Of THE WALL STREET JOURNAL

HONG KONG (Dow Jones)--Richard Li's Pacific Century CyberWorks Corp. (PCW, news, msgs) plans to buy a satellite communications concern from a company controlled by Li's father, Li Ka-shing, for HK$803 million, or $103 million, in CyberWorks shares.

The deal, announced Thursday, will give the younger Li a profitable business without having to pay out cash that Cyberworks is carefully conserving to repay borrowings and fund planned Internet investments.

The transaction calls for Hutchison Whampoa Ltd. to sell its wholly owned Hutchison Telecommunications Technology Investments Ltd. unit to CyberWorks at a price accepted as reasonable by CyberWorks's financial adviser, N.M. Rothschild & Sons. The new CyberWorks shares to be issued to Hutchison Whampoa will represent 0.83% of CyberWorks' enlarged share capital

Linus Cheung, CyberWorks' deputy chairman, in an interview, said: "This was all done at arms-length. (Hutchison Whampoa) wanted to dispose of it anyway."

A Hutchison Whampoa spokeswoman said "We don't need this business and (Cyberworks) wants this business and we got a good price to dispose of it." She said Hutchison Whampoa has been concentrating on wireless mobile communications and had sold its other major satellite business in 1997.

A key aspect of the purchase for CyberWorks is Hutchison's acceptance of shares as payment at a time when CyberWorks is strapped for cash. Cheung acknowledged that "It's quite critical for us to pay in shares."

Hutchison said it was prepared to accept payment in shares because it believed the Cyberworks stock has potential to rise. Cyberworks' share price has declined 75% since the company took control of Hongkong Telecommunications Ltd. in August. However, the Hutchison spokeswoman said "We believe that in the long term it will give a good return for our shareholders."

Ironically, Hutchison Telecommunications Technology's main asset is the satellite business founded by Richard Li in 1994. After launching it with much fanfare, his Pacific Century Group sold that business to Hutchison Whampoa in 1995 for HK$581.10 million in what some corporate analysts characterized at the time as a move by Li Ka-Shing to assist his son. Pacific Century didn't make a profit on the transaction; the satellite business was sold at cost. The business, now called Hutchison Corporate Access, uses satellites to provide international communications to multinational firms with sites in remote locations, allowing them to create "private networks" for far-flung operations, mostly in Asia and the Middle East.

Richard Li said he sold out in 1995 because he perceived a looming conflict of interest. Hong Kong media, at the time, quoted him as saying "We found that executives of the two groups were bidding for the same tenders, and the judgment of the Pacific Century Group executives at that time was that the potential criticism wasn't worth it."

In 1995, Richard Li was building up his Pacific Century business while remaining vice-chairman of Hutchison Whampoa, a key element in his father's business empire.

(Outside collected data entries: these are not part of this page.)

(* Let $p$ be an odd prime, $x\in\mathbb Z_p$ and $x\not\equiv-1\pmod p$. Then $$P_{\frac{p-1}2}(x)\equiv\Big(\frac{2(x+1)}p\Big)P_{\frac{p-1}2}\Big(\frac{3-x}{1+x}\Big)\pmod p.$$
   Context: $\mathbb Z_p$ denotes the set of rational numbers whose denominator (in lowest terms) is prime to $p$; congruences are in this ring. $P_n(x)$ is the $n$-th Legendre polynomial, defined by $\frac1{\sqrt{1-2xt+t^2}}=\sum_{n\ge0}P_n(x)t^n$, equivalently $P_n(x)=\frac1{2^n}\sum_{k=0}^{[n/2]}\frac{(-1)^k(2n-2k)!}{k!(n-k)!(n-2k)!}x^{n-2k}$. For $a\in\mathbb Z_p$, $\big(\frac ap\big)$ is the Legendre symbol of the residue of $a$ modulo $p$. *)

From mathcomp Require Import all_boot all_order all_algebra.
Set Implicit Arguments. Unset Strict Implicit. Unset Printing Implicit Defensive.
Import Order.TTheory GRing.Theory Num.Theory.
Local Open Scope ring_scope.

Definition in_Zp (p : nat) (x : rat) : bool := coprime `|denq x|%N p.

Definition congp (p : nat) (a b : rat) : bool := in_Zp p ((a - b) / p%:R).

Definition legendre_sym (p : nat) (a : rat) : rat :=
  if congp p a 0 then 0
  else if [exists r : 'I_p, congp p a ((nat_of_ord r)%:R ^+ 2)] then 1 else -1.

Definition legendreP (n : nat) (x : rat) : rat :=
  (2 ^+ n)^-1 * \sum_(0 <= k < (n./2).+1)
     ((-1) ^+ k * ((2 * n - 2 * k)`!)%:R
        / ((k`!)%:R * ((n - k)`!)%:R * ((n - 2 * k)`!)%:R) * x ^+ (n - 2 * k)).
Lemma mulmx_invmx_diagE {F : fieldType} {m k} (A : 'M[F]_(m, k)) (d : 'rV[F]_k) i j :
  (forall j, d 0 j != 0) -> (A *m invmx (diag_mx d)) i j = A i j / d 0 j.
Proof.
move=> d_neq0.
have inv_d : diag_mx d *m diag_mx (\row_j (d 0 j)^-1) = 1%:M.
  apply/matrixP => i' j'; rewrite mul_diag_mx !mxE.
  by case: eqVneq => [->|_]; rewrite ?mulr1n ?divff ?mulr0n ?mulr0.
have [d_unit _] := mulmx1_unit inv_d.
have -> : invmx (diag_mx d) = diag_mx (\row_j (d 0 j)^-1).
  by rewrite -[RHS](mulKmx d_unit) inv_d mulmx1.
by rewrite mul_mx_diag !mxE.
Qed.

Section MatrixNorms.
Context {R : rcfType}.

(* The subgradient of [normT21] at [A]; since x / 0 = 0, a zero column is mapped
   to 0, and [normT21_subgrad] needs no nondegeneracy hypothesis. *)
Definition colnormalize {m k} (A : 'M[R]_(m, k)) : 'M[R]_(m, k) :=
  \matrix_(i, j) (A i j / colnorm2 A j).

Lemma normT21_subgrad {m k} (A V : 'M[R]_(m, k)) :
  normT21 A + \sum_j \sum_i colnormalize A i j * V i j <= normT21 (A + V).
Proof.
rewrite /normT21 -big_split; apply: ler_sum => j _ /=.
have -> : colnorm2 (A + V) j = l2norm (fun i => A i j + V i j).
  by apply: eq_l2norm => i; rewrite mxE.
have -> : \sum_i colnormalize A i j * V i j = (\sum_i A i j * V i j) / colnorm2 A j.
  by rewrite mulr_suml; apply: eq_bigr => i _; rewrite mxE mulrAC.
exact: (l2norm_subgrad (fun i => A i j)).
Qed.

Lemma colnormalize_scale {m k} (A B : 'M[R]_(m, k)) (s : 'I_k -> R) :
  (forall j, 0 < s j) -> (forall i j, B i j = s j * A i j) ->
  colnormalize B = colnormalize A.
Proof.
move=> s_gt0 BE; apply/matrixP => i j; rewrite !mxE.
have -> : colnorm2 B j = s j * colnorm2 A j.
  by rewrite -(l2norm_scale _ (fun i => A i j)) ?ltW //; apply: eq_l2norm => i'; rewrite BE.
by rewrite BE invfM mulrACA divff ?mul1r // gt_eqF.
Qed.

Lemma colnorm2_rowsOn {m k} (K : {set 'I_m}) (A : 'M[R]_(m, k)) j :
  colnorm2 (rowsOn K A) j = Num.sqrt (\sum_(i in K) A i j ^+ 2).
Proof.
rewrite [in RHS]big_mkcond; congr Num.sqrt.
by apply: eq_bigr => i _; rewrite mxE; case: ifP; rewrite ?expr0n.
Qed.

Lemma colnormalize_rowsOn_scale {m k} (K : {set 'I_m}) (A B : 'M[R]_(m, k)) (s : 'I_k -> R) :
  (forall j, 0 < s j) -> (forall i j, B i j = s j * A i j) ->
  forall i j, colnormalize (rowsOn K A) i j
              = (if i \in K then B i j else 0) / Num.sqrt (\sum_(i in K) B i j ^+ 2).
Proof.
move=> s_gt0 BE i j.
rewrite -(@colnormalize_scale _ _ _ (rowsOn K B) s) // => [|i' j']; last first.
  by rewrite !mxE; case: ifP; rewrite ?BE ?mulr0.
by rewrite -colnorm2_rowsOn !mxE.
Qed.

Lemma inner_mulmx_le_norm11 {n p} (X U : 'M[R]_(n, p)) (D : 'M[R]_p) G :
  (forall j, D j j = 0) ->
  (forall k j, k != j -> `|\sum_i X i k * U i j| <= G) ->
  `|\sum_j \sum_i U i j * (X *m D) i j| <= G * norm11 D.
Proof.
move=> D_diag0 XU_le.
have inner j : \sum_i U i j * (X *m D) i j = \sum_k D k j * \sum_i X i k * U i j.
  under eq_bigr do rewrite mxE mulr_sumr.
  rewrite exchange_big /=; apply: eq_bigr => k _.
  by rewrite mulr_sumr; apply: eq_bigr => i _; ring.
rewrite (eq_bigr _ (fun j _ => inner j)) exchange_big /= /norm11 mulr_sumr.
apply: le_trans (ler_norm_sum _ _ _) _; apply: ler_sum => k _.
apply: le_trans (ler_norm_sum _ _ _) _; rewrite mulr_sumr; apply: ler_sum => j _.
rewrite normrM mulrC; have [->|kj] := eqVneq k j; first by rewrite D_diag0 normr0 !mulr0.
by rewrite ler_wpM2r ?XU_le.
Qed.

Lemma inner_le_norm21_on {m k} (U D : 'M[R]_(m, k)) (K : {set 'I_m}) H :
  (forall i, i \notin K -> forall j, U i j = 0) ->
  (forall i, i \in K -> rownorm2 U i <= H) ->
  \sum_j \sum_i U i j * D i j <= H * norm21_on K D.
Proof.
move=> U_out U_le; rewrite exchange_big /norm21_on mulr_sumr [in X in _ <= X]big_mkcond /=.
apply: ler_sum => i _; case: ifPn => iK.
  apply: le_trans (sum_mul_le_l2norm (fun j => U i j) (fun j => D i j)) _.
  by rewrite ler_wpM2r ?l2norm_ge0 ?U_le.
by rewrite big1 // => j _; rewrite U_out ?mul0r.
Qed.

Lemma norm21_on_le_norm21D {m k} (Th D : 'M[R]_(m, k)) (K : {set 'I_m}) :
  (forall i, i \in K -> forall j, Th i j = 0) ->
  norm21_on K D - norm21_on (~: K) D <= norm21 (Th + D) - norm21 Th.
Proof.
move=> Th_K; rewrite /norm21_on /norm21 big_mkcond [X in _ - X]big_mkcond -!sumrB.
apply: ler_sum => i _.
have ThD_row : rownorm2 (Th + D) i = l2norm (fun j => Th i j + D i j).
  by apply: eq_l2norm => j; rewrite mxE.
rewrite in_setC ThD_row; case: ifPn => iK /=.
  have -> : rownorm2 Th i = 0.
    by rewrite /rownorm2 big1 ?sqrtr0 // => j _; rewrite Th_K ?expr0n.
  by rewrite (@eq_l2norm _ _ _ (fun j => D i j)) ?subr0 // => j; rewrite Th_K ?add0r.
have := l2norm_lerB (fun j => Th i j) (fun j => D i j).
rewrite /rownorm2 -/(l2norm _) -/(l2norm _); lra.
Qed.

Lemma norm11_restrJ_split {p} (J : 'I_p -> {set 'I_p}) (D : 'M[R]_p) :
  norm11 D = norm11 (restrJ J D) + norm11 (restrJc J D).
Proof.
rewrite /norm11 -big_split; apply: eq_bigr => i _; rewrite -big_split; apply: eq_bigr => j _ /=.
by rewrite !mxE; case: ifP; rewrite ?subrr ?subr0 normr0 ?addr0 ?add0r.
Qed.

Lemma norm11_restrJ_le_norm11D {p} (J : 'I_p -> {set 'I_p}) (B D : 'M[R]_p) :
  (forall i j, i \notin J j -> B i j = 0) ->
  norm11 (restrJc J D) - norm11 (restrJ J D) <= norm11 (B + D) - norm11 B.
Proof.
move=> B_supp; rewrite /norm11 -!sumrB; apply: ler_sum => i _.
rewrite -!sumrB; apply: ler_sum => j _; rewrite !mxE; case: ifPn => iJ.
  have := ler_normD (B i j + D i j) (- D i j); rewrite addrK normrN.
  rewrite subrr normr0; lra.
by rewrite B_supp // subr0 normr0 !subr0 add0r.
Qed.

Lemma norm11_ge0 {m k} (A : 'M[R]_(m, k)) : 0 <= norm11 A.
Proof. by apply: sumr_ge0 => i _; apply: sumr_ge0 => j _; exact: normr_ge0. Qed.

Lemma norm21_on_ge0 {m k} (K : {set 'I_m}) (A : 'M[R]_(m, k)) : 0 <= norm21_on K A.
Proof. by apply: sumr_ge0 => i _; exact: l2norm_ge0. Qed.

End MatrixNorms.

Section Cone.
Context {R : rcfType}.

Lemma cone_ineq_of_gap {c lam gam G H aJ aJc tI tO : R} :
  1 < c -> 0 < lam -> 0 <= aJ + aJc -> 0 <= tI -> 0 <= tO ->
  (c + 1) / (c - 1) * G <= lam * gam -> (c + 1) / (c - 1) * H <= lam ->
  lam * (gam * aJc + tI - (gam * aJ + tO)) <= G * (aJ + aJc) + H * tI ->
  gam * aJc + tI <= c * (gam * aJ + tO).
Proof.
move=> c_gt1 lam_gt0 aJ_ge0 tI_ge0 tO_ge0 KG_le KH_le gap.
set K := (c + 1) / (c - 1); set x := gam * aJc + tI; set y := gam * aJ + tO.
have K_ge0 : 0 <= K by rewrite divr_ge0 //; lra.
have Kgap : K * (lam * (x - y)) <= lam * (x + y).
  apply: le_trans (ler_wpM2l K_ge0 gap) _; rewrite mulrDr !mulrA.
  apply: le_trans (lerD (ler_wpM2r aJ_ge0 KG_le) (ler_wpM2r tI_ge0 KH_le)) _.
  rewrite -subr_ge0 (_ : _ - _ = lam * tO); first by rewrite mulr_ge0 // ltW.
  by rewrite /x /y; ring.
move: Kgap; rewrite mulrCA ler_pM2l // /K mulrAC ler_pdivrMr ?subr_gt0 //.
by move=> ?; nra.
Qed.

Lemma Fobj_basic_ineq {n p} (Xn : 'M[R]_(n, p)) lam gam (Bh B0 : 'M[R]_p)
    (Thh Th0 : 'M[R]_(n, p)) :
  let U := colnormalize (Xn *m B0 - Th0) in
  Fobj Xn lam gam Bh Thh <= Fobj Xn lam gam B0 Th0 ->
  \sum_j \sum_i U i j * (Xn *m (Bh - B0)) i j - \sum_j \sum_i U i j * (Thh - Th0) i j
    + lam * ((norm21 Thh - norm21 Th0) + gam * (norm11 Bh - norm11 B0)) <= 0.
Proof.
move=> U; set V := Xn *m (Bh - B0) - (Thh - Th0).
have resid : Xn *m Bh - Thh = (Xn *m B0 - Th0) + V.
  by apply/matrixP => i j; rewrite /V mulmxBr !mxE; ring.
have inner_V : \sum_j \sum_i U i j * V i j
    = \sum_j \sum_i U i j * (Xn *m (Bh - B0)) i j - \sum_j \sum_i U i j * (Thh - Th0) i j.
  rewrite -sumrB; apply: eq_bigr => j _; rewrite -sumrB; apply: eq_bigr => i _.
  by rewrite -mulrBr; congr (_ * _); rewrite !mxE.
rewrite /Fobj resid -inner_V => F_le.
have := normT21_subgrad (Xn *m B0 - Th0) V.
lra.
Qed.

However, after the younger Li's Cyberworks took control of Hongkong Telecom last year, he severed all links with Hutchison.

Cheung said Thursday that Hutchison Telecommunications Technology would advance CyberWorks' ambitions to break out of Hong Kong and become a regional telecommunications player.

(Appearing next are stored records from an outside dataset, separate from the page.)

Lemma piecewise_reindex P (g : pt -> nat) N M : (forall p, P p -> fst p < N /\ g p < M) ->
  piecewise P (fun p => (g p, snd p)).
Proof.
  intros HB. exists (flat_map (fun i => map (fun j => ((one, i), j)) (seq 0 M)) (seq 0 N)).
  intros [i a] Hp. destruct (HB _ Hp) as [Hi Hj]; simpl in *.
  exists ((one, i), g (i, a)). split; [|split].
  - apply in_flat_map. exists i. split; [apply in_seq; lia|]. apply in_map, in_seq; lia.
  - split; [reflexivity| apply (rdom_one alpha)].
  - unfold apply_move; simpl. rewrite (ract_one alpha). reflexivity.
Qed.

Lemma pts_bound l p : pts l p -> fst p < length l.
Proof.
  unfold pts. destruct (Nat.lt_ge_cases (fst p) (length l)) as [H|H]; auto.
  rewrite nth_overflow by exact H. intros [].
Qed.

Lemma pts_app l k i a : pts (l ++ k) (i, a) <->
  (i < length l /\ pts l (i, a)) \/ (length l <= i /\ pts k (i - length l, a)).
Proof.
  unfold pts; simpl. destruct (Nat.lt_ge_cases i (length l)) as [H|H].
  - rewrite app_nth1 by auto. split; [auto| intros [[]|[]]; auto; lia].
  - rewrite app_nth2 by auto. split; [auto| intros [[]|[]]; auto; lia].
Qed.

Lemma pts_single A i a : pts [A] (i, a) <-> i = 0 /\ A a.
Proof.
  unfold pts; destruct i as [|[|i]]; simpl; unfold set0; split; intros H;
    try tauto; try (destruct H; discriminate); destruct i; contradiction.
Qed.

Lemma pts_two A B i a : pts [A; B] (i, a) <-> (i = 0 /\ A a) \/ (i = 1 /\ B a).
Proof.
  unfold pts; destruct i as [|[|i]]; simpl.
  - split; [auto| intros [[]|[]]; auto; discriminate].
  - split; [auto| intros [[]|[]]; auto; discriminate].
  - split; [destruct i; intros []| intros [[]|[]]; discriminate].
Qed.

Lemma PBij_id P Q N : (forall p, P p <-> Q p) -> (forall p, P p -> fst p < N) ->
  PBij P Q (fun p => p).
Proof.
  intros HPQ HN. split; [split; [|split]|].
  - exists (flat_map (fun i => [((one, i), i)]) (seq 0 N)). intros [i a] Hp.
    exists ((one, i), i). split; [|split].
    + apply in_flat_map. exists i. split; [apply in_seq; specialize (HN _ Hp); simpl in HN; lia|].
      left; reflexivity.
    + split; [reflexivity| apply (rdom_one alpha)].
    + unfold apply_move; simpl. rewrite (ract_one alpha). reflexivity.
  - intros; apply HPQ; auto.
  - auto.
  - intros q Hq; exists q; split; auto; apply HPQ; auto.
Qed.

Lemma PBij_comp P Q R h1 h2 : PBij P Q h1 -> PBij Q R h2 -> PBij P R (fun p => h2 (h1 p)).
Proof.
  intros [[pw1 [m1 i1]] s1] [[pw2 [m2 i2]] s2].
  split; [split; [|split]|].
  - eapply piecewise_comp; eauto.
  - auto.
  - intros p q Hp Hq E. apply i1; auto.
  - intros r Hr. destruct (s2 r Hr) as [q [Hq <-]]. destruct (s1 q Hq) as [p [Hp <-]]. eauto.
Qed.

Lemma PBij_inv P Q h : PBij P Q h -> PBij Q P (inv_on P h).
Proof.
  intros [[pw1 [m1 i1]] s1].
  assert (Hs : forall q, Q q -> P (inv_on P h q) /\ h (inv_on P h q) = q)
    by (intros; apply inv_on_spec; auto).
  split; [split; [|split]|].
  - eapply piecewise_sub; [|apply piecewise_inv; eauto]. simpl; auto.
  - intros q Hq; apply Hs; auto.
  - intros p q Hp Hq E. rewrite <- (proj2 (Hs p Hp)), <- (proj2 (Hs q Hq)), E. reflexivity.
  - intros p Hp. exists (h p). split; auto. apply inv_on_h; auto.
Qed.

End PiecewiseMaps.

Section TeqToEqui.
Variables (Sg : InvSemigroup) (X : Type) (alpha : Rep Sg X).
Notation ra := (ract alpha).
Notation equi := (equi alpha).

(** Swapping the two blocks of [l ++ m] only permutes indices. *)
Lemma equi_comm l m : equi (l ++ m) (m ++ l).
Proof.
  set (g := fun p : pt X =>
    if Nat.ltb (fst p) (length l) then fst p + length m else fst p - length l).
  exists (fun p => (g p, snd p)). split; [split; [|split]|].
  - apply piecewise_reindex with (N := length l + length m) (M := length l + length m).
    intros [i a] Hp. apply pts_bound in Hp. rewrite length_app in Hp. simpl in *.
    unfold g; simpl. destruct (Nat.ltb_spec i (length l)); lia.
  - intros [i a] Hp. unfold g; simpl. apply pts_app in Hp.
    destruct (Nat.ltb_spec i (length l)); apply pts_app.
    + right. split; [lia|]. replace (i + length m - length m) with i by lia.
      destruct Hp as [[]|[]]; auto; lia.
    + left. destruct Hp as [[]|[Hi Hp]]; [lia|]. split; auto.
      apply pts_bound in Hp. simpl in Hp; lia.
  - intros [i a] [j b] Hp Hq E. injection E; intros E1 E2. subst b.
    apply pts_bound in Hp, Hq. rewrite length_app in *. simpl in *.
    unfold g in E2; simpl in E2.
    destruct (Nat.ltb_spec i (length l)), (Nat.ltb_spec j (length l)); f_equal; lia.
  - intros [j b] Hq. apply pts_app in Hq. destruct Hq as [[Hj Hq]|[Hj Hq]].
    + exists (j + length l, b). unfold g; simpl.
      destruct (Nat.ltb_spec (j + length l) (length l)); [lia|].
      split; [|f_equal; lia]. apply pts_app; right; split; [lia|].
      replace (j + length l - length l) with j by lia; auto.
    + exists (j - length m, b). unfold g; simpl.
      destruct (Nat.ltb_spec (j - length m) (length l)).
      * split; [apply pts_app; left; split; auto| f_equal; lia].
      * apply pts_bound in Hq; simpl in Hq; lia.
Qed.

(** A bijection of the first blocks extends by the identity on a common tail. *)
Lemma equi_addr l m k : equi l m -> equi (l ++ k) (m ++ k).
Proof.
  intros [h [[Hpw [Hm Hi]] Hs]].
  set (g := fun p : pt X => (fst p - length l + length m, snd p)).
  exists (fun p => if excluded_middle_informative (fst p < length l) then h p else g p).
  assert (HL : forall i a, i < length l -> pts (l ++ k) (i, a) <-> pts l (i, a)).
  { intros i a Hi'. rewrite pts_app. split; [intros [[]|[]]; auto; lia| auto]. }
  assert (HK : forall i a, length l <= i -> pts (l ++ k) (i, a) <-> pts k (i - length l, a)).
  { intros i a Hi'. rewrite pts_app. split; [intros [[]|[]]; auto; lia| auto]. }
  assert (HM : forall i a, i < length m -> pts (m ++ k) (i, a) <-> pts m (i, a)).
  { intros i a Hi'. rewrite pts_app. split; [intros [[]|[]]; auto; lia| auto]. }
  assert (HK' : forall i a, length m <= i -> pts (m ++ k) (i, a) <-> pts k (i - length m, a)).
  { intros i a Hi'. rewrite pts_app. split; [intros [[]|[]]; auto; lia| auto]. }
  assert (Hhead : forall i a, i < length l -> pts (l ++ k) (i, a) -> fst (h (i, a)) < length m).
  { intros i a Hi' Hp. apply (pts_bound m), Hm, HL; auto. }
  split; [split; [|split]|].
  - apply piecewise_if.
    + eapply piecewise_sub; [|exact Hpw]. intros [i a] [Hp Hc]; simpl in Hc. apply HL; auto.
    + apply piecewise_reindex with (N := length (l ++ k)) (M := length (m ++ k)).
      intros [i a] [Hp Hc]. simpl in Hc |- *. assert (Hb := pts_bound _ _ Hp). split; auto.
      rewrite length_app in *. apply HK in Hp; [|lia]. apply pts_bound in Hp. simpl in Hp. lia.
  - intros [i a] Hp. simpl. destruct (excluded_middle_informative (i < length l)).
    + assert (Hl : pts l (i, a)) by (apply HL; auto). specialize (Hm _ Hl).
      destruct (h (i, a)) as [j b]. apply HM; [apply pts_bound in Hm|]; auto.
    + unfold g; simpl. apply HK'; [lia|].
      replace (i - length l + length m - length m) with (i - length l) by lia. apply HK; auto; lia.
  - intros [i a] [j b] Hp Hq. simpl.
    destruct (excluded_middle_informative (i < length l)),
             (excluded_middle_informative (j < length l)).
    + apply Hi; apply HL; auto.
    + intros E. specialize (Hhead i a l0 Hp). rewrite E in Hhead. unfold g in Hhead; simpl in Hhead. lia.
    + intros E. specialize (Hhead j b l0 Hq). rewrite <- E in Hhead. unfold g in Hhead; simpl in Hhead. lia.
    + unfold g; simpl. intro E. injection E; intros; subst. f_equal; lia.
  - intros [j b] Hq. destruct (Nat.lt_ge_cases j (length m)).
    + apply HM in Hq; auto. destruct (Hs _ Hq) as [[i a] [Hp E]].
      exists (i, a). assert (Hb := pts_bound _ _ Hp). simpl in Hb. split; [apply HL; auto|].
      simpl. destruct (excluded_middle_informative (i < length l)); [auto| lia].
    + apply HK' in Hq; auto. exists (j - length m + length l, b). split.
      * apply HK; [lia|]. replace (j - length m + length l - length l) with (j - length m) by lia. auto.
      * simpl. destruct (excluded_middle_informative (j - length m + length l < length l)); [lia|].
        unfold g; simpl. f_equal; lia.
Qed.

(** The generator [[A] = [alpha_s(A)]]: the single move [s] is a bijection. *)
Lemma equi_act s A : subset A (Dom alpha s) -> equi [A] [img alpha s A].
Proof.
  intro HA. assert (Hdom : forall a, A a -> rdom alpha s a) by (intros; apply (Dom_iff alpha), HA; auto).
  exists (fun p => (0, ra s (snd p))). split; [split; [|split]|].
  - exists [((s, 0), 0)]. intros [i a] Hp. apply pts_single in Hp as [-> Ha].
    exists ((s, 0), 0). simpl. split; auto. split; [split; auto| reflexivity].
  - intros [i a] Hp. apply pts_single in Hp as [-> Ha]. apply pts_single. split; auto. exists a; auto.
  - intros [i a] [j b] Hp Hq E. apply pts_single in Hp as [-> Ha], Hq as [-> Hb].
    injection E; intro E'. f_equal. eapply (ract_inj alpha); eauto.
  - intros [j b] Hq. apply pts_single in Hq as [-> [a [Ha ->]]]. exists (0, a). split; auto.
Qed.

Lemma equi_union A B : disjoint A B -> equi [setU A B] [A; B].
Proof.
  intro HAB.
  exists (fun p => (if excluded_middle_informative (A (snd p)) then 0 else 1, snd p)).
  split; [split; [|split]|].
  - apply piecewise_reindex with (N := 1) (M := 2). intros [i a] Hp.
    apply pts_single in Hp as [-> _]. simpl. destruct (excluded_middle_informative (A a)); lia.
  - intros [i a] Hp. apply pts_single in Hp as [-> Ha]. simpl. apply pts_two.
    destruct (excluded_middle_informative (A a)); [left; auto| right]. destruct Ha; tauto.
  - intros [i a] [j b] Hp Hq E. apply pts_single in Hp as [-> Ha], Hq as [-> Hb].
    injection E; intros; subst; auto.
  - intros [j b] Hq. exists (0, b). apply pts_two in Hq. split.
    + apply pts_single. split; auto. unfold setU; tauto.
    + simpl. destruct (excluded_middle_informative (A b)); destruct Hq as [[-> ?]|[-> ?]]; auto.
      * exfalso; eapply HAB; eauto.
      * tauto.
Qed.

Lemma equi_same_pts l m : (forall p, pts l p <-> pts m p) -> equi l m.
Proof.
  intro H. exists (fun p => p). apply PBij_id with (N := length l); [exact H| apply pts_bound].
Qed.

Lemma teq_equi l m : teq alpha l m -> equi l m.
Proof.
  induction 1.
  - apply equi_same_pts; tauto.
  - destruct IHteq as [h Hh]. exists (inv_on (pts l) h). apply PBij_inv; auto.
  - destruct IHteq1 as [h1 H1], IHteq2 as [h2 H2]. eexists. eapply PBij_comp; eauto.
  - apply equi_comm.
  - apply equi_addr; auto.
  - apply equi_same_pts. intros [i a]. rewrite !pts_single. specialize (H a). tauto.
  - apply equi_same_pts. intros [i a]. rewrite pts_single. unfold pts, set0. destruct i; simpl; tauto.
  - apply equi_act; auto.
  - apply equi_union; auto.
Qed.

End TeqToEqui.

Lemma perm_filter_split A (f : A -> bool) l :
  Permutation l (filter f l ++ filter (fun x => negb (f x)) l).
Proof.
  induction l; simpl; auto. destruct (f a); simpl.
  - constructor; auto.
  - apply Permutation_cons_app; auto.
Qed.

Section EquiToTeq.
Variables (Sg : InvSemigroup) (X : Type) (alpha : Rep Sg X).
Notation ra := (ract alpha).
Notation teq := (teq alpha).

Lemma teq_pieces l : forall ks (c : pt X -> nat) (src : nat -> nat), NoDup ks ->
  (forall p, pts l p -> In (c p) ks /\ fst p = src (c p)) ->
  teq l (map (fun k a => pts l (src k, a) /\ c (src k, a) = k) ks).
Proof.
  induction l as [|A l IH]; intros ks c src Hnd Hc.
  - apply teq_all_empty. intros k a _ [H _]. unfold pts in H; simpl in H. destruct (src k); exact H.
  - set (F := fun k a => pts (A :: l) (src k, a) /\ c (src k, a) = k).
    set (z := fun k => Nat.eqb (src k) 0).
    apply teq_trans with (map F (filter z ks ++ filter (fun x => negb (z x)) ks)).
    2:{ apply teq_perm, Permutation_map, Permutation_sym, perm_filter_split. }
    rewrite map_app. apply (teq_app (l := [A]) (m := l)).
    + eapply teq_trans; [apply (teq_partition_by alpha (fun a => c (0, a)) (ks := filter z ks))|].
      * apply NoDup_filter; auto.
      * intros a Ha. destruct (Hc (0, a)) as [H1 H2]; [exact Ha|]. apply filter_In. split; auto.
        unfold z. rewrite <- H2. reflexivity.
      * apply teq_map_ext. intros k Hk a. apply filter_In in Hk as [_ Hk]. unfold z in Hk.
        apply Nat.eqb_eq in Hk. unfold F. rewrite Hk. unfold pts; simpl. tauto.
    + eapply teq_trans;
        [apply (IH (filter (fun x => negb (z x)) ks) (fun p => c (S (fst p), snd p)) (fun k => pred (src k)))|].
      * apply NoDup_filter; auto.
      * intros [i a] Hp. destruct (Hc (S i, a)) as [H1 H2]; [exact Hp|]. simpl in *.
        split; [|rewrite <- H2; reflexivity]. apply filter_In. split; auto. unfold z. rewrite <- H2. reflexivity.
      * apply teq_map_ext. intros k Hk a. apply filter_In in Hk as [_ Hk]. unfold z in Hk.
        unfold F. simpl. destruct (src k) as [|j]; [discriminate|]. unfold pts; simpl. tauto.
Qed.

Definition default_move : move Sg := ((isg_one Sg, 0), 0).

Lemma piecewise_labelling P h : piecewise alpha P h ->
  exists (ms : list (move Sg)) (c : pt X -> nat), forall p, P p ->
    c p < length ms /\ applicable alpha (nth (c p) ms default_move) p /\
    h p = apply_move alpha (nth (c p) ms default_move) p.
Proof.
  intros [ms Hms].
  set (Q := fun p k => k < length ms /\ applicable alpha (nth k ms default_move) p /\
                       h p = apply_move alpha (nth k ms default_move) p).
  exists ms, (fun p => match excluded_middle_informative (exists k, Q p k) with
    | left H => proj1_sig (constructive_indefinite_description _ H) | right _ => 0 end).
  intros p Hp. destruct (excluded_middle_informative (exists k, Q p k)) as [H|H].
  - exact (proj2_sig (constructive_indefinite_description _ H)).
  - exfalso; apply H. destruct (Hms p Hp) as [m [Im [Om Em]]].
    apply In_nth with (d := default_move) in Im as [k [Hk Ek]]. exists k. unfold Q; rewrite Ek; auto.
Qed.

The Hutchison satellite business made a HK$14 million profit in its last financial year on revenue of about HK$308 million, according to a CyberWorks statement.

As in the 1995 deal involving father and son, the transaction announced Thursday does not require approval from shareholders of either group. Under stock exchange rules, the value of the proposed sale is too small measured against the companies' size to require a shareholder vote. Hutchison must keep the CyberWorks shares for 12 months, but will not put a director on CyberWorks' board.

CyberWorks has been restructuring since taking over Hongkong Telecom last year, attempting to grow through partnerships with other companies and to reduce its debt load.